It is worth noting that while these tests are run in sequence, we expect that some components tests will accumulate errors for the entire time frame. For example, while other tests are executing, memory upsets will continue to accumulate in the OCM and CRAM, and when the round-robin testing process returns to these tests, the upsets will be detected. This allows for potentially greater data collection than if these tests were strictly run independently. However, other tests such as the matrix multiplication (CPU) test, Crypto and DMA, primarily exercise their modules only while running their test. In such cases we anticipate if these modules were tested more often, more upsets would be detected. Furthermore, some of these modules, such as the Crypto and DMA, can be run asynchronously, meaning it would be possible to continue with testing other components while they executed, potentially increasing the amount of data that could be collected. Unfortunately we did not explore this approach in this work, and it will need to be investigated in the future.

This overlapping effect offered by the round-robin component-based approach is different than other approaches that may execute different programs in sequence, such as the work in [8], that executed different software executables in sequence to test different component failure rates. While our approach offers the benefit of collecting more upset data in less time, there is always a concern with how failures in one component may trigger failures in another. However, such cross-component failures may also be triggered when attempting to test one component in isolation, so future work will likely be required to further investigate this, and improve our methodologies.
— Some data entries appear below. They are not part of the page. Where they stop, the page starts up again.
(* Suppose that $U=L(0)\otimes A\oplus L(2)\otimes B$. The algebra $\mathrm{Ass}^{\mathrm{TKK}}(U)$ is the quotient of $\mathrm{Ass}(U)$ by the relations given by the $\mathfrak{sl}_2$-submodule in $U^{\otimes 2}$ generated by $(e\otimes B)\otimes T(L(0)\otimes A)\otimes (e\otimes B)$, where $e$ is the highest weight vector of $L(2)$.
   Context: We work over a field $k$ of characteristic zero. For $n\ge 0$, $L(n)$ denotes the irreducible $\mathfrak{sl}_2$-module of highest weight $n$; $L(0)$ is the trivial module and $L(2)$ is the adjoint module $\mathfrak{sl}_2$ with basis $e,f,h$. The category $\mathrm{TKK}$ has as objects the completely reducible $\mathfrak{sl}_2$-modules that are direct sums of copies of $L(0)$ and $L(2)$, i.e. $L(0)\otimes A\oplus L(2)\otimes B$ for multiplicity vector spaces $A,B$, and as morphisms $\mathfrak{sl}_2$-module maps. $\mathrm{Ass}(V)=T(V)$ is the free unital associative (tensor) algebra, and $\mathrm{Ass}^{\mathrm{TKK}}(U)$ is the free unital associative algebra in $\mathrm{TKK}$ generated by $U$ (left adjoint of the forgetful functor from associative algebras in $\mathrm{TKK}$ with $\mathfrak{sl}_2$-equivariant product), which is the quotient of $T(U)$ by the ideal generated by all $\mathfrak{sl}_2$-isotypic components $L(m)$ with $m\neq 0,2$. (The generating submodule lies in $U^{\otimes(s+2)}$ for the various degrees $s$ of the middle factor.) *)

From HB Require Import structures.
From mathcomp Require Import all_boot all_order all_algebra.
Set Implicit Arguments. Unset Strict Implicit. Unset Printing Implicit Defensive.
Import Order.TTheory GRing.Theory Num.Theory.
Local Open Scope ring_scope.

Definition iE : 'I_3 := @Ordinal 3 0 isT.
Definition iH : 'I_3 := @Ordinal 3 1 isT.
Definition iF : 'I_3 := @Ordinal 3 2 isT.

Section TKK.
Variables (k : fieldType) (I J : eqType).

(* U = L(0) (x) A  (+)  L(2) (x) B, with A having basis I and B basis J.
   Letters = basis vectors of U:  inl i  = 1 (x) a_i,
                                  inr (j, t) = (basis vector t of sl2) (x) b_j. *)
Definition letter : eqType := (I + J * 'I_3)%type.

(* Elements of T(U) are represented by their coefficient functions on
   words (basis of T(U)); only finitely supported ones belong to T(U). *)
Definition series := seq letter -> k.

Definition finsupp (p : series) : Prop :=
  exists s : seq (seq letter), forall w, w \notin s -> p w = 0.

(* indicator of a word = the tensor monomial *)
Definition wordf (u : seq letter) : series := fun w => (w == u)%:R.

(* product in T(U) (concatenation, extended bilinearly) *)
Definition mul (p q : series) : series :=
  fun w => \sum_(i < (size w).+1) p (take i w) * q (drop i w).

(* adjoint action on sl2 = L(2): coefficient of t' in [x, t] *)
Definition adj (x t t' : 'I_3) : k :=
  let c (a : k) (n : nat) := if val t' == n then a else 0 in
  match val x, val t with
  | 0%N, 1%N => c (- 2) 0%N      (* [e,h] = -2e *)
  | 0%N, 2%N => c 1 1%N          (* [e,f] = h   *)
  | 1%N, 0%N => c 2 0%N          (* [h,e] = 2e  *)
  | 1%N, 2%N => c (- 2) 2%N      (* [h,f] = -2f *)
  | 2%N, 0%N => c (- 1) 1%N      (* [f,e] = -h  *)
  | 2%N, 1%N => c 2 2%N          (* [f,h] = 2f  *)
  | _, _ => 0
  end.

(* action of x in sl2 on T(U), by derivations (L(0) factors are trivial):
   coefficient of the word w in x . p *)
Definition act (x : 'I_3) (p : series) : series :=
  fun w => \sum_(n < size w)
    match drop n w with
    | inr (j, t) :: rest =>
        \sum_(t' < 3) adj x t' t * p (take n w ++ inr (j, t') :: rest)
    | _ => 0
    end.

Inductive lin_span (S : series -> Prop) : series -> Prop :=
| ls_gen p : S p -> lin_span S p
| ls_zero : lin_span S (fun _ => 0)
| ls_add p q : lin_span S p -> lin_span S q -> lin_span S (fun w => p w + q w)
| ls_scale c p : lin_span S p -> lin_span S (fun w => c * p w)
| ls_ext p q : (forall w, p w = q w) -> lin_span S p -> lin_span S q.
It should also be noted that our previously described roundrobin testing approach runs all of the code on one CPU core. This includes the CPU-specific matrix multiplication test that is described later in this section. While the DUT contains four CPU cores, we have not yet expanded our test framework to operate on multiple cores, and instead chose to focus on supporting a variety of components, rather than multiple CPU cores. In the future we hope to leverage additional cores to conduct more testing in parallel. Such an experiment may require additional exploration to understand how interactions between CPU cores may affect accumulation of error rates.
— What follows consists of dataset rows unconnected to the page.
(* Let $\alpha\in(0,1)$. There is a constant $C$ depending only on $\alpha$ such that for all $f_1,f_2\in\mathcal V_1$, $$|c(f_1)-c(f_2)|\le C\,\|\rho(f_1-f_2)\|_{L^\infty}^{1-\alpha}.$$
   Context: Fix $\alpha\in(0,1)$ and set $c_{1,\alpha}=\frac{2^{2\alpha-1}\Gamma(\frac12+\alpha)}{\sqrt{\pi}\,\Gamma(1-\alpha)}$. Let $\rho(x)=(1+|x|)^{-\alpha}$ and $\mathcal V_0=\{f\in C(\mathbb{R}): f\text{ even},\ \|\rho f\|_{L^\infty}<\infty\}$. Let $\eta=2\left(\frac{3}{2(3-2\alpha)(5-2\alpha)(1+4^{\alpha})}\right)^{1/\min(\alpha,1-\alpha)}$. $\mathcal V_1$ is the set of $f\in\mathcal V_0$ such that $f(0)=1$; $f\ge0$ and $f$ is non-increasing on $[0,\infty)$; $x\mapsto f(\sqrt x)$ is convex on $[0,\infty)$; $f(x)\ge\max(0,1-x^2)$ for all $x$; and $f'_-(1/2)\le-\eta$. For $f\in\mathcal V_1$, $c(f)=\frac{2\alpha(1+2\alpha)}{3}c_{1,\alpha}\int_0^\infty\frac{1-f(\xi)}{\xi^{1+2\alpha}}\,d\xi$. *)

From HB Require Import structures.
From mathcomp Require Import all_boot all_order all_algebra.
From mathcomp Require Import all_classical all_reals all_analysis.
Set Implicit Arguments. Unset Strict Implicit. Unset Printing Implicit Defensive.
Import Order.TTheory GRing.Theory Num.Theory numFieldNormedType.Exports.
Local Open Scope classical_set_scope.
Local Open Scope ring_scope.

Definition Gammaf (R : realType) (s : R) : R :=
  fine (\int[@lebesgue_measure R]_(t in `]0, +oo[%classic)
          ((t `^ (s - 1)) * expR (- t))%:E).

Definition c1 (R : realType) (a : R) : R :=
  2 `^ (2 * a - 1) * Gammaf (2^-1 + a) / (Num.sqrt pi * Gammaf (1 - a)).

Definition rho (R : realType) (a : R) (x : R) : R := (1 + `|x|) `^ (- a).

Definition wLinf (R : realType) (a : R) (g : R -> R) : R :=
  sup [set `|rho a x * g x| | x in [set: R]].

Definition V0 (R : realType) (a : R) (f : R -> R) : Prop :=
  continuous f /\ (forall x, f (- x) = f x) /\
  (exists M : R, forall x, `|rho a x * f x| <= M).

Definition eta (R : realType) (a : R) : R :=
  2 * (3 / (2 * (3 - 2 * a) * (5 - 2 * a) * (1 + 4 `^ a)))
        `^ (1 / Order.min a (1 - a)).

Definition V1 (R : realType) (a : R) (f : R -> R) : Prop :=
  V0 a f /\
  f 0 = 1 /\
  (forall x, 0 <= f x) /\
  (forall x y, 0 <= x -> x <= y -> f y <= f x) /\
  (forall x y t, 0 <= x -> 0 <= y -> 0 <= t -> t <= 1 ->
     f (Num.sqrt ((1 - t) * x + t * y))
       <= (1 - t) * f (Num.sqrt x) + t * f (Num.sqrt y)) /\
  (forall x, Num.max 0 (1 - x ^+ 2) <= f x) /\
  (exists L : R,
     ((fun h => (f (2^-1 + h) - f (2^-1)) / h) @ 0^'- --> L) /\ L <= - eta a).

Definition cf (R : realType) (a : R) (f : R -> R) : R :=
  2 * a * (1 + 2 * a) / 3 * c1 a *
  fine (\int[@lebesgue_measure R]_(xi in `]0, +oo[%classic)
          ((1 - f xi) / xi `^ (1 + 2 * a))%:E).

(* Both values [c f] are the same multiple of [I f = int_0^oo (1 - f x) / x^(1+2a) dx], so it
   suffices to bound [int_0^oo |f1 - f2| / x^(1+2a)].  Put [d = || rho (f1 - f2) ||]: since
   [1 - x^2 <= f <= 1], the numerator is at most [x^2], and by definition of [d] it is at most
   [d (1 + x)^a].  Splitting the integral at [e = sqrt d], the first bound gives
   [e^(2-2a) / (2-2a) = d^(1-a) / (2-2a)] on [(0, e]], and the second, with [1 + x <= 2x / e]
   on [(e, oo)], gives [2^a d e^(-2a) / a = 2^a d^(1-a) / a]. *)

From HB Require Import structures.
From mathcomp Require Import all_boot all_order all_algebra.
From mathcomp Require Import all_classical all_reals all_analysis.
From mathcomp Require Import measurable_realfun lra zify.
Import Order.TTheory GRing.Theory Num.Theory numFieldNormedType.Exports.
Local Open Scope classical_set_scope.
Local Open Scope ring_scope.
The following is a description of the various component tests that we chose to use, as well as a discussion of possible variations

1) Caches: Our cache test creates an on-DUT, a posteriori golden copy of initial cache contents through direct reads and then performs DUT-driven, mid-irradiation checks against current cache contents to detect upsets [25]. This was in

contrast to prior works that approximate cache upset rates through simulation and fault injection or to those that measure cache upsets through indirect, *a priori* memory access patterns, such as [11], [12]. To do this, software running on each APU core directly read the caches and compared them against a golden copy. Detected differences were logged and sent sequentially from the individual processors to the experiment's host computer. (More details on the experimental setup can be found in Section V.) To allow the other methods to run independently and with their boards' caches enabled, this baremetal cache test ran on a dedicated board.

This straightforward approach was made possible by the use of co-processing registers of the ARM Cortex A53 processors (CP15 registers) that allow access to the cache by way, set, and *offset* via platform-specific assembly instructions (see [26], Chapter 6. Level 1 Memory System) (previous work such as [11], [12] had to use indirect methods to obtain cache data). A golden copy of the contents of each APU processor's L1 data cache, data tag RAM, and TLB memories were stored in system memory at runtime by first disabling the caches and then reading the values at each cache location directly. Because our DUT uses Cortex-A53 processors, our implementation used AArch64 instructions to write encoded locations to dedicated system registers, which in turn placed current cache values into readable locations[26]. These direct reads continued throughout the test to compare current values against the golden copy's value for that location. When the current value and the golden copy's value disagreed, the difference was logged, and the board was reprogrammed to restart the test program [25].

2) *RAM:* As noted in Section II-C, the MPSoC has a variety of SRAM memories, including the on-chip memory (OCM), tightly-coupled memory (TCM), and CRAM [21].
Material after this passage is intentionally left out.